Effettivamente, si riscontrano chiare incongruenze temporali, dato che gli eventi narrati dovrebbero appartenere al periodo approssimativo tra il 2011 e il 2014. Tuttavia, l’aspetto videoludico che si presenta risulta aggiornato ai giorni nostri, e gli sceneggiatori si sono concessi alcune libertà creative per costruire suspense e dramma, anche dove questi elementi potrebbero non aver avuto originariamente presenza. Ad esempio, possiamo menzionare l’incidente che ha scatenato controversie negli Stati Uniti, il quale ha ricevuto un’interpretazione piuttosto discutibile.
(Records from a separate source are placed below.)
(* Let $j=\sqrt{-1}$, $\zeta_8=e^{2\pi j/8}$, and let $\sigma$ be the automorphism of $\mathbb{Q}(\zeta_8)$ fixing $\mathbb{Q}(j)$ with $\sigma(\zeta_8)=-\zeta_8$. For $a\in\mathbb{Z}[\zeta_8]$ and $b\in\mathbb{Z}[j]$ define the $3\times 2$ matrix $$X=\begin{pmatrix} X_S\\ X_T\end{pmatrix}=\begin{pmatrix} a & b\\ \sigma(a) & -b^*\\ b & \sigma(a)^*\end{pmatrix},$$ where $X_S=(a\ \ b)$ is the first row and $X_T=\begin{pmatrix} \sigma(a) & -b^*\\ b & \sigma(a)^*\end{pmatrix}$ consists of the last two rows. Then for every $(a,b)\neq(0,0)$: (i) $\det(X^\dagger X)\geq 1$ (so the code $\{X\}$ has the non-vanishing determinant property), and (ii) $\det(X_S X_S^\dagger)\,\det(X_T X_T^\dagger)\neq 0$ (full diversity in the parallel channel).
   Context: $c^*$ denotes the complex conjugate of $c\in\mathbb{C}$ (elements of $\mathbb{Q}(\zeta_8)$ are viewed as complex numbers), and $M^\dagger$ denotes the conjugate transpose of a complex matrix $M$. $\mathbb{Z}[\zeta_8]$ is the ring of integers of $\mathbb{Q}(\zeta_8)$ and $\mathbb{Z}[j]$ the ring of Gaussian integers. $\mathbb{Q}(\zeta_8)/\mathbb{Q}(j)$ is a cyclic extension of degree 2 with Galois group generated by $\sigma$, and $a\sigma(a)$ is the relative norm of $a$, which lies in $\mathbb{Z}[j]$ for $a\in\mathbb{Z}[\zeta_8]$. *)

From mathcomp Require Import all_boot all_order all_algebra all_field.
Set Implicit Arguments. Unset Strict Implicit. Unset Printing Implicit Defensive.
Import Order.TTheory GRing.Theory Num.Theory.
Local Open Scope ring_scope.

(* zeta8 = e^{2 pi j / 8} = (1 + j)/sqrt 2 *)
Definition zeta8 : algC := (1 + 'i) / sqrtC 2.

(* An element of Z[zeta8] given by its integer coordinates on the
   (integral) power basis 1, zeta8, zeta8^2, zeta8^3. *)
Definition Zz8 (c : 'I_4 -> int) : algC :=
  \sum_(k < 4) (c k)%:~R * zeta8 ^+ k.

(* sigma : Q(zeta8) -> Q(zeta8), fixing Q(j), zeta8 |-> - zeta8,
   applied to the element with coordinates c. *)
Definition sigma8 (c : 'I_4 -> int) : algC :=
  \sum_(k < 4) (c k)%:~R * (- zeta8) ^+ k.

Definition Zi (b0 b1 : int) : algC := b0%:~R + b1%:~R * 'i.

Definition adj_mx (m n : nat) (M : 'M[algC]_(m, n)) : 'M[algC]_(n, m) :=
  (map_mx (fun z => z^*) M)^T.

Definition XS (a b : algC) : 'M[algC]_(1, 2) :=
  \matrix_(i < 1, j < 2) (if (j == 0 :> nat) then a else b).

Definition XT (sa b : algC) : 'M[algC]_(2, 2) :=
  \matrix_(i < 2, j < 2)
    (if (i == 0 :> nat) then (if (j == 0 :> nat) then sa else - b^*)
     else (if (j == 0 :> nat) then b else sa^*)).

Definition Xmat (a sa b : algC) : 'M[algC]_(3, 2) := col_mx (XS a b) (XT sa b).

(* Both Gram determinants are explicit in |a|^2, |sigma(a)|^2 and |b|^2:
   det (X^+ X) is |a sigma(a)|^2 + |b|^4 plus nonnegative terms, and the
   parallel-channel product vanishes only if a sigma(a) = b = 0.  Writing
   a = u + zeta8 v with u, v in Z[j] gives sigma(a) = u - zeta8 v, so the
   relative norm a sigma(a) = u^2 - j v^2 lies in Z[j]; hence |a sigma(a)|^2
   and |b|^4 are nonnegative integers.  Finally u^2 = j v^2 forces u = v = 0
   since j is not a square in Q(j), so |a sigma(a)|^2 + |b|^4 >= 1 whenever
   (a, b) <> (0, 0). *)

From mathcomp Require Import all_boot all_order all_algebra all_field.
From mathcomp Require Import zify ring.
Import Order.TTheory GRing.Theory Num.Theory.
Local Open Scope ring_scope.

Lemma det_mx2 (R : comNzRingType) (M : 'M[R]_2) :
  \det M = M 0 0 * M 1 1 - M 0 1 * M 1 0.
Proof.
rewrite (expand_det_row _ 0) !big_ord_recl big_ord0 /cofactor !det_mx11 !mxE /=.
rewrite addr0 expr0 mul1r expr1 mulN1r mulrN.
by congr (M _ _ * M _ _ - M _ _ * M _ _); apply/val_inj.
Qed.

Lemma adj_col_mx (m1 m2 n : nat) (A : 'M[algC]_(m1, n)) (B : 'M[algC]_(m2, n)) :
  adj_mx (col_mx A B) = row_mx (adj_mx A) (adj_mx B).
Proof. by rewrite /adj_mx map_col_mx tr_col_mx. Qed.

Lemma det_XS_gram (a b : algC) :
  \det (XS a b *m adj_mx (XS a b)) = `|a| ^+ 2 + `|b| ^+ 2.
Proof. by rewrite det_mx11 !mxE !big_ord_recl big_ord0 !mxE /= addr0 !normCK. Qed.

Lemma det_XT_gram (sa b : algC) :
  \det (XT sa b *m adj_mx (XT sa b)) = (`|sa| ^+ 2 + `|b| ^+ 2) ^+ 2.
Proof.
rewrite det_mx2 !mxE !big_ord_recl !big_ord0 !mxE /= !normCK !raddfN /= !conjCK.
ring.
Qed.

Lemma det_Xmat_gram (a sa b : algC) :
  \det (adj_mx (Xmat a sa b) *m Xmat a sa b) =
  (`|a| ^+ 2 + `|sa| ^+ 2 + `|b| ^+ 2) * (`|sa| ^+ 2 + 2 * `|b| ^+ 2)
    - `|a| ^+ 2 * `|b| ^+ 2.
Proof.
have -> : adj_mx (Xmat a sa b) *m Xmat a sa b =
    adj_mx (XS a b) *m XS a b + adj_mx (XT sa b) *m XT sa b.
  by rewrite -mul_row_col -adj_col_mx.
rewrite det_mx2 !mxE !big_ord_recl !big_ord0 !mxE /=.
rewrite !normCK !raddfN /= !conjCK.
ring.
Qed.

Lemma det_Xmat_gram_ge (a sa b : algC) :
  `|a * sa| ^+ 2 + `|b| ^+ 4 <= \det (adj_mx (Xmat a sa b) *m Xmat a sa b).
Proof.
rewrite det_Xmat_gram normrM exprMn -subr_ge0.
set A := `|a|; set S := `|sa|; set B := `|b|.
have -> : (A ^+ 2 + S ^+ 2 + B ^+ 2) * (S ^+ 2 + 2 * B ^+ 2) - A ^+ 2 * B ^+ 2
    - (A ^+ 2 * S ^+ 2 + B ^+ 4)
    = (A * B) ^+ 2 + S ^+ 4 + 3 * (S * B) ^+ 2 + B ^+ 4 by ring.
by do !apply: addr_ge0; rewrite ?mulr_ge0 ?exprn_ge0 ?normr_ge0.
Qed.

Lemma XS_XT_det_neq0 (a sa b : algC) : (a * sa != 0) || (b != 0) ->
  \det (XS a b *m adj_mx (XS a b)) * \det (XT sa b *m adj_mx (XT sa b)) != 0.
Proof.
move=> nz; rewrite det_XS_gram det_XT_gram mulf_eq0 sqrf_eq0.
rewrite !paddr_eq0 ?exprn_ge0 // !sqrf_eq0 !normr_eq0.
by move: nz; rewrite mulf_eq0; case: (a == 0); case: (sa == 0); case: (b == 0).
Qed.

Lemma Zi_norm (p q : int) : `|Zi p q| ^+ 2 = (p ^+ 2 + q ^+ 2)%:~R.
Proof. by rewrite /Zi (mulrC _ 'i) normC2_rect ?rpred_int // intrD !rmorphXn. Qed.

Lemma Zi_eq0 (p q : int) : (Zi p q == 0) = (p == 0) && (q == 0).
Proof.
by rewrite -normr_eq0 -sqrf_eq0 Zi_norm intr_eq0 paddr_eq0 ?sqr_ge0 // !sqrf_eq0.
Qed.

Lemma Zi_norm_ge1 (p q : int) : Zi p q != 0 -> 1 <= `|Zi p q| ^+ 2.
Proof. by rewrite Zi_eq0 Zi_norm ler1z => nz; nia. Qed.

Lemma zeta8_sqr : zeta8 ^+ 2 = 'i.
Proof.
rewrite /zeta8 expr_div_n sqrtCK sqrrD expr1n sqrCi mul1r addrAC subrr add0r.
by rewrite -mulr_natr mulfK ?pnatr_eq0.
Qed.

Lemma sum_ord4_even_odd (R : comNzRingType) (c : 'I_4 -> R) (x : R) :
  \sum_(k < 4) c k * x ^+ k = (c 0 + c 2 * x ^+ 2) + x * (c 1 + c 3 * x ^+ 2).
Proof.
rewrite !big_ord_recl big_ord0 /=.
have -> : lift ord0 ord0 = 1 :> 'I_4 by apply/val_inj.
have -> : lift ord0 (lift ord0 ord0) = 2 :> 'I_4 by apply/val_inj.
have -> : lift ord0 (lift ord0 (lift ord0 ord0)) = 3 :> 'I_4 by apply/val_inj.
rewrite (_ : ord0 = 0) //; ring.
Qed.

Lemma Zz8_split (c : 'I_4 -> int) : Zz8 c = Zi (c 0) (c 2) + zeta8 * Zi (c 1) (c 3).
Proof. by rewrite /Zz8 sum_ord4_even_odd zeta8_sqr. Qed.

Lemma sigma8_split (c : 'I_4 -> int) :
  sigma8 c = Zi (c 0) (c 2) - zeta8 * Zi (c 1) (c 3).
Proof. by rewrite /sigma8 sum_ord4_even_odd sqrrN zeta8_sqr mulNr. Qed.

Lemma Zz8_mul_sigma8 (c : 'I_4 -> int) :
  Zz8 c * sigma8 c = Zi (c 0 ^+ 2 - c 2 ^+ 2 + 2 * c 1 * c 3)
                        (2 * c 0 * c 2 - c 1 ^+ 2 + c 3 ^+ 2).
Proof.
have i2 : 'i ^+ 2 = -1 :> algC := sqrCi _.
have z2 := zeta8_sqr.
rewrite Zz8_split sigma8_split /Zi !(intrD, intrB, intrM, rmorphXn) /=.
ring: i2 z2.
Qed.

(* The hypotheses say (p + q j)^2 = j (r + s j)^2; modulo 4 they force
   p, q, r, s to be even, so a nonzero solution could be halved forever. *)
Lemma gauss_sqr_eq_i_sqr (p q r s : int) :
  p ^+ 2 - q ^+ 2 + 2 * r * s = 0 -> 2 * p * q - r ^+ 2 + s ^+ 2 = 0 ->
  [/\ p = 0, q = 0, r = 0 & s = 0].
Proof.
have parity (x : int) : exists k : int, x = 2 * k \/ x = 2 * k + 1.
  by exists (x %/ 2)%Z; lia.
pose sumsq (x y z w : int) := x ^+ 2 + y ^+ 2 + z ^+ 2 + w ^+ 2.
have sumsq_ge0 p' q' r' s' : 0 <= sumsq p' q' r' s'.
  by rewrite !addr_ge0 ?sqr_ge0.
have [n] : exists n : nat, sumsq p q r s <= n%:Z by exists (absz (sumsq p q r s)); lia.
elim: n p q r s => [|n IH] p q r s; rewrite /sumsq.
  by move=> *; split; nia.
have [p' [->|->]] := parity p; have [q' [->|->]] := parity q;
have [r' [->|->]] := parity r; have [s' [->|->]] := parity s;
  move=> small E1 E2; try (exfalso; lia).
have sumsq2 : sumsq (2 * p') (2 * q') (2 * r') (2 * s') = 4 * sumsq p' q' r' s'.
  by rewrite /sumsq; ring.
move: small; rewrite -/(sumsq _ _ _ _) sumsq2 => small.
case: (IH p' q' r' s'); [|lia|lia|by move=> -> -> -> ->].
by move: (sumsq_ge0 p' q' r' s') small; move: (sumsq _ _ _ _) => m; lia.
Qed.

Lemma Zz8_norm_ge1 (c : 'I_4 -> int) : Zz8 c != 0 -> 1 <= `|Zz8 c * sigma8 c| ^+ 2.
Proof.
move=> nz; rewrite Zz8_mul_sigma8 Zi_norm_ge1 // Zi_eq0.
apply: contra nz => /andP[/eqP E1 /eqP E2]; rewrite Zz8_split.
have [-> -> -> ->] := gauss_sqr_eq_i_sqr _ _ _ _ E1 E2.
have /eqP -> : Zi 0 0 == 0 by rewrite Zi_eq0 eqxx.
by rewrite mulr0 addr0.
Qed.

Lemma code_norm_ge1 (c : 'I_4 -> int) (b0 b1 : int) :
  (Zz8 c, Zi b0 b1) != (0, 0) ->
  1 <= `|Zz8 c * sigma8 c| ^+ 2 + `|Zi b0 b1| ^+ 4.
Proof.
have [-> | nz_b] := eqVneq (Zi b0 b1) 0.
  rewrite xpair_eqE eqxx andbT normr0 expr0n addr0; exact: Zz8_norm_ge1.
move=> _; rewrite ler_wpDl ?exprn_ge0 // (exprM _ 2 2).
exact/exprn_ege1/Zi_norm_ge1.
Qed.

Theorem mainTheorem2 (ca : 'I_4 -> int) (b0 b1 : int) :
  let a := Zz8 ca in
  let sa := sigma8 ca in
  let b := Zi b0 b1 in
  (a, b) != (0, 0) ->
  1 <= \det (adj_mx (Xmat a sa b) *m Xmat a sa b) /\
  \det (XS a b *m adj_mx (XS a b)) * \det (XT sa b *m adj_mx (XT sa b)) != 0.
Proof.
move=> a sa b; subst a sa b => nz.
have key := code_norm_ge1 ca b0 b1 nz.
split; first exact: le_trans key (det_Xmat_gram_ge _ _ _).
apply: XS_XT_det_neq0; apply: contraTT key; rewrite negb_or !negbK.
by case/andP=> /eqP-> /eqP->; rewrite normr0 !expr0n addr0 ler10.
Qed.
Nonostante ciò, l’elemento cruciale è rappresentato dalla fluidità del film, che riesce a mantenere un ritmo scorrevole e coinvolgente nell’arco delle sue due ore e poco più di durata.

La messa in scena

Kazunori Yamauchi, il creatore di Gran Turismo al centro con il microfono e alla sua sinistra Jann Mardenborough, quello vero

Dopo aver considerato l’aspetto narrativo del film, ci concentriamo ora sulla sua messa in scena e, in particolare, sui dettagli che ci hanno convinto o meno riguardo al lavoro di Neill Blomkamp. Iniziamo esaminando il contributo unico del regista.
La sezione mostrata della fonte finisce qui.